Re: Postfix fails after upgrade from bullseye to bookworm
On Fri, 20 Jan 2023 21:30:22 +0100 Sven Joachim wrote: > Wow. Looking into the BTS, I found bug #895089[1], changed "c_rehash" > to "openssl rehash" in /usr/lib/postfix/configure-instance.sh as > recommended there, and now "systemctl restart postfix.service" > completes in two seconds! A similar major improvement for me. root@white:~# time systemctl restart postfix.service real0m18.389s user0m0.081s sys 0m0.059s root@white:~# vs. root@white:~# time systemctl restart postfix.service real4m10.833s user0m0.081s sys 0m0.062s root@white:~# Thank you, Sven, for pursuing this.

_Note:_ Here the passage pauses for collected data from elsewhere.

Lemma S4_codes_commute_fpf :
  all (fun a => all (fun b => code_commute a b ==>
    all (fun i => all (fun j => [&& nth 0 a i != i, nth 0 a j == j & nth 0 b j != j] ==>
      (code_nfix b == 0) || (code_nfix (code_mul a b) == 0)) (iota 0 4)) (iota 0 4))
    S4_codes) S4_codes.
Proof. by vm_compute. Qed.

Lemma S4_codes_fpf_centralizer :
  all (fun c => all (fun h =>
    [&& code_nfix c == 0, code_commute c h & ~~ code_in_cycle c h] ==>
    all (fun g => code_commute g c && code_commute g h ==>
      if code_in_cycle h c then (code_nfix h == 0) && code_in_cycle h g
      else if code_nfix h == 0 then (g \in Klein4_codes) && all (code_in_mul c h) Klein4_codes
      else [&& code_nfix h == 2, code_nfix (code_mul h c) == 2, code_in_mul h c g,
               code_in_mul h (code_mul h c) g & code_in_mul (code_mul h c) c g])
    S4_codes) S4_codes) S4_codes.
Proof. by vm_compute. Qed.

Lemma S4_commute_fpf (a b : 'S_4) i j :
  commute a b -> a i != i -> a j = j -> b j != j -> nfix b = 0 \/ nfix (a * b) = 0.
Proof.
move=> cab ai aj bj; have := all_S4_codes b (all_S4_codes a S4_codes_commute_fpf).
rewrite commute_code // => /allP /(_ i); rewrite mem_iota leq0n ltn_ord => /(_ isT).
move=> /allP /(_ j); rewrite mem_iota leq0n ltn_ord => /(_ isT).
rewrite !nth_perm4_code !val_eqE ai aj bj eqxx -perm4_codeM !code_nfixE.
by case/orP => /eqP; [left | right].
Qed.

Lemma S4_fpf_centralizer (c h g : 'S_4) :
    nfix c = 0 -> commute c h -> h \notin <[c]> -> commute g c -> commute g h ->
  if c \in <[h]> then (nfix h == 0) && (g \in <[h]>)
  else if nfix h == 0 then (g \in Klein4) && (Klein4 \subset <[c]> * <[h]>)
  else [&& nfix h == 2, nfix (h * c) == 2, g \in <[h]> * <[c]>,
           g \in <[h]> * <[h * c]> & g \in <[h * c]> * <[c]>].
Proof.
move=> fix_c chc notch cgc cgh.
have := all_S4_codes h (all_S4_codes c S4_codes_fpf_centralizer).
rewrite code_nfixE fix_c commute_code // code_in_cycleE notch => /(all_S4_codes g).
rewrite !commute_code // !code_in_cycleE !code_nfixE -perm4_codeM code_nfixE.
case: ifP => // _; case: ifP => _.
  case/andP => K4g /allP sK4ch; rewrite Klein4_code K4g; apply/subsetP => s.
  by rewrite Klein4_code => /sK4ch /mem_mulg_code.
by case/and5P => -> -> /mem_mulg_code -> /mem_mulg_code -> /mem_mulg_code ->.
Qed.
(* Let $S=\mathcal{M}[G;I,\Lambda;P]$ be a Rees matrix semigroup where $G$ is a finitely generated group, $I=\{i_1,\ldots,i_n\}$ and $\Lambda=\{\lambda_1,\ldots,\lambda_m\}$ are finite, and $P=(p_{\lambda,i})_{\lambda\in\Lambda,i\in I}$ is an $m\times n$ matrix with entries in $G$. Then the right ends of $S$ (the poset $\Omega S$) form an anti-chain of cardinality $n\cdot|\Omega G|$, and the left ends of $S$ form an anti-chain of cardinality $m\cdot|\Omega G|$.
   Context: The Rees matrix semigroup $\mathcal{M}[G;I,\Lambda;P]$ is the set $I\times G\times\Lambda$ with multiplication $(i,g,\lambda)(j,h,\mu)=(i,g\,p_{\lambda,j}\,h,\mu)$. A digraph on $\Omega$ is a subset $\Gamma\subseteq\Omega\times\Omega$. A path is a sequence of pairwise distinct vertices $(v_0,v_1,\ldots)$ with $(v_i,v_{i+1})\in\Gamma$ (length 0 allowed); a ray is an infinite path; an anti-ray is an infinite sequence of distinct vertices with $(v_{i+1},v_i)\in\Gamma$. For infinite $\Sigma',\Sigma\subseteq\Omega$, $\Sigma'\preccurlyeq\Sigma$ means there are infinitely many pairwise vertex-disjoint paths from vertices of $\Sigma'$ to vertices of $\Sigma$. On rays and anti-rays $\preccurlyeq$ is a preorder with associated equivalence $\approx$; the ends are the $\approx$-classes of rays and anti-rays, and $\Omega\Gamma$ is the poset of ends. The right Cayley graph $\Gamma_r(S,A)$ has vertex set $S$ and edges $(x,xa)$; the left Cayley graph $\Gamma_l(S,A)$ has edges $(x,ax)$, for $x\in S$, $a\in A$. For a finitely generated semigroup $S$, the right ends $\Omega S$ are $\Omega\Gamma_r(S,A)$ and the left ends are $\Omega\Gamma_l(S,A)$ for any finite generating set $A$ (well defined up to isomorphism). For the group $G$, $\Omega G$ denotes its right ends as a semigroup. An anti-chain is a poset in which no two distinct elements are comparable. *)

From Stdlib Require Import List.
From mathcomp Require Import all_boot.
Set Implicit Arguments. Unset Strict Implicit. Unset Printing Implicit Defensive.

Definition digraph (V : Type) := V -> V -> Prop.

Fixpoint chain (V : Type) (Gam : digraph V) (p : list V) : Prop :=
  match p with
  | nil => True
  | x :: r => match r with
              | nil => True
              | y :: _ => Gam x y /\ chain Gam r
              end
  end.

Definition path_from_to (V : Type) (Gam : digraph V) (X Y : V -> Prop)
  (p : list V) : Prop :=
  match p with
  | nil => False
  | x :: _ => X x /\ Y (List.last p x) /\ List.NoDup p /\ chain Gam p
  end.

Definition preceq (V : Type) (Gam : digraph V) (X Y : V -> Prop) : Prop :=
  exists p : nat -> list V,
    (forall k, path_from_to Gam X Y (p k)) /\
    (forall i j, i <> j -> forall v, List.In v (p i) -> ~ List.In v (p j)).

Definition is_ray (V : Type) (Gam : digraph V) (r : nat -> V) : Prop :=
  (forall i j, r i = r j -> i = j) /\ (forall i, Gam (r i) (r i.+1)).

Definition is_antiray (V : Type) (Gam : digraph V) (r : nat -> V) : Prop :=
  (forall i j, r i = r j -> i = j) /\ (forall i, Gam (r i.+1) (r i)).

Definition RA (V : Type) (Gam : digraph V) :=
  {r : nat -> V | is_ray Gam r \/ is_antiray Gam r}.

Definition verts (V : Type) (Gam : digraph V) (x : RA Gam) : V -> Prop :=
  fun v => exists k, proj1_sig x k = v.

Definition ra_le (V : Type) (Gam : digraph V) (x y : RA Gam) : Prop :=
  preceq Gam (verts x) (verts y).

Definition ra_eq (V : Type) (Gam : digraph V) (x y : RA Gam) : Prop :=
  ra_le x y /\ ra_le y x.

Definition End (V : Type) (Gam : digraph V) :=
  {E : RA Gam -> Prop | exists x, E = ra_eq x}.

Definition end_le (V : Type) (Gam : digraph V) (E F : End Gam) : Prop :=
  exists x y, proj1_sig E x /\ proj1_sig F y /\ ra_le x y.

Definition ends_antichain (V : Type) (Gam : digraph V) : Prop :=
  forall E F : End Gam, end_le E F -> E = F.

Definition equipotent (A B : Type) : Prop :=
  exists (f : A -> B) (g : B -> A),
    (forall a, g (f a) = a) /\ (forall b, f (g b) = b).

The patch has been committed, and should be in the pipeline. -- Does anybody read signatures any more? https://charlescurley.com https://charlescurley.com/blog/
Re: Postfix fails after upgrade from bullseye to bookworm
On 21/01/2023 01:55, Charles Curley wrote: root@white:~# ps aux | grep -i openssl root 4586 5.8 0.9 8256 2064 pts/3S+ 11:48 0:00 grep --colour=auto -i openssl root 4587 150 2.1 4720 ?R11:48 0:00 /usr/bin/openssl x509 -subject_hash_old -fingerprint -noout -in QuoVadis_Root_CA_2.pem ...> I have no idea what that's about. Maybe someone with SSL experience can chime in here? Delays related to cryptography may be caused by lack of entropy. You may try to check cat /proc/sys/kernel/random/entropy_avail and ls -l /proc//fs when such delay happens. Some network activity may increase entropy enough to unblock reading random bytes. If my guess is correct then the issue may be alleviated by installing the haveged package. VMs are affected more than hosts.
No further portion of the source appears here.